If you're seeking a solution for managing your finances, you may be
interested in taking advantage of a reverse mortgage (may being the operative word here). A reverse mortgage is in many
ways exactly what it sounds like: a mortgage that works in reverse. More
specifically, individuals with a reverse mortgage don't make monthly payments
on their home as they would with a traditional mortgage; rather, individuals receive
money by converting their home equity into cash. A pretty good deal, wouldn't
you say?
Of course, not every homeowner can be eligible for a reverse
mortgage. You must be at least 62 years of age, your home must be your
primary residence, your mortgage must be paid in full, and your home must have accumulated
wealth since your original purchase. In other words, if your home has
depreciated in value over the course of your ownership, you likely won't be
eligible for a reverse mortgage. However, if over the years you've added an in-ground
pool, built a barn, remodeled your kitchen, or added a sun room, your home has
likely increased in value, and it's this equity that can be used to your
advantage. Reverse mortgages are intended to afford individuals with minimal
income the opportunity to cover basic costs of living and pay for medical
expenses. Recipients of a reverse mortgage do not have to repay their loan
unless their home is sold or abandoned; in most cases, this means that recipients
live out the rest of their lives without repayment.
As 321 financial expert
Jeremy Marcus points out, there are different types of reverse mortgages.

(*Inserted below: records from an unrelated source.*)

(* Let $\mathcal P_2$ be an $\varepsilon$-additive-approximate short path between nodes $u_0$ and $u_1$, and suppose there is a node $v$ on a shortest path between $u_0$ and $u_1$ such that $\min_{v'\in\mathcal P_2}d_{v,v'}\ge\gamma$. Then, with $\delta=\delta_{\mathrm{worst}}(G)$, $$\varepsilon>\frac{2^{\gamma/(6\delta+1)}}{48\delta+\frac{17}{2}}-\log_2(48\delta+8).$$
   Context: $G=(V,E)$ is a finite connected undirected graph with $n\ge 4$ nodes and $d_{u,v}$ denotes the shortest-path distance (number of edges). For any four nodes $w_1,\dots,w_4$, order the three sums $d_{w_1,w_2}+d_{w_3,w_4}$, $d_{w_1,w_3}+d_{w_2,w_4}$, $d_{w_1,w_4}+d_{w_2,w_3}$ as $S\le M\le L$ and set $\delta_{w_1,w_2,w_3,w_4}=(L-M)/2$; $\delta_{\mathrm{worst}}(G)=\max\delta_{w_1,w_2,w_3,w_4}$. A path $(w_0,\dots,w_k)$ is $\varepsilon$-additive-approximate short if its length (number of edges) is at most $d_{w_0,w_k}+\varepsilon$. *)

From Stdlib Require Import Reals List.
Import ListNotations.
Open Scope R_scope.

Section Graphs.
Variable V : Type.
Variable adj : V -> V -> Prop.

Definition simple_undirected : Prop :=
  (forall x y, adj x y -> adj y x) /\ (forall x, ~ adj x x).

Definition finite_at_least4 : Prop :=
  exists l : list V, NoDup l /\ (forall x, In x l) /\ (4 <= length l)%nat.

Fixpoint is_walk (p : list V) : Prop :=
  match p with
  | x :: ((y :: _) as t) => adj x y /\ is_walk t
  | _ => True
  end.

Definition walk_between (u v : V) (p : list V) : Prop :=
  is_walk p /\ hd_error p = Some u /\ last p u = v.

Definition walk_len (p : list V) : nat := (length p - 1)%nat.

Definition connected : Prop :=
  forall u v, exists p, walk_between u v p.

Definition is_graph_distance (d : V -> V -> nat) : Prop :=
  forall u v,
    (exists p, walk_between u v p /\ walk_len p = d u v) /\
    (forall p, walk_between u v p -> (d u v <= walk_len p)%nat).

Definition on_shortest_path (d : V -> V -> nat) (u0 u1 v : V) : Prop :=
  exists p, walk_between u0 u1 p /\ walk_len p = d u0 u1 /\ In v p.

Definition approx_short (d : V -> V -> nat) (eps : R) (u0 u1 : V) (p : list V)
  : Prop :=
  walk_between u0 u1 p /\ INR (walk_len p) <= INR (d u0 u1) + eps.

(* four-point delta: with S <= M <= L the three pair sums, (L - M)/2 *)
Definition delta_quad (d : V -> V -> nat) (w1 w2 w3 w4 : V) : R :=
  let s1 := INR (d w1 w2 + d w3 w4) in
  let s2 := INR (d w1 w3 + d w2 w4) in
  let s3 := INR (d w1 w4 + d w2 w3) in
  let L := Rmax s1 (Rmax s2 s3) in
  let S := Rmin s1 (Rmin s2 s3) in
  let M := s1 + s2 + s3 - L - S in
  (L - M) / 2.

Definition is_delta_worst (d : V -> V -> nat) (delta : R) : Prop :=
  (forall w1 w2 w3 w4, delta_quad d w1 w2 w3 w4 <= delta) /\
  (exists w1 w2 w3 w4, delta_quad d w1 w2 w3 w4 = delta).

End Graphs.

Those eligible can apply for Single-Purpose Reverse Mortgages, which are
available through state, local and nonprofit organizations and are usually the
most inexpensive types of mortgages. Homeowners can also apply for a Home
Equity Conversion Mortgage, which is backed by the U.S. Department of Housing
and Urban Development and which doesn't have any income requirements for
eligibility. These types of reverse mortgages are also more widely-available,
but typically have higher upfront costs. Additionally, money from these
mortgage payments can be used for any purpose. There are also Proprietary
Reverse Mortgages, which are available through private lenders and which can
guarantee 100% equity on your home, unlike Home Equity Conversion Mortgages.
Eligible homeowners will need to decide for themselves which type
of reverse mortgage makes the most sense for their needs. Many experts recommend
that homeowners only take out reverse mortgages if they still intend on staying
in their home for a significant amount of time, and reverse mortgages are never
recommended for those who wish to will their homes to family members upon their
death. Reverse mortgages aren't for everybody, but they can be incredible
opportunities for financial security for those that are eligible.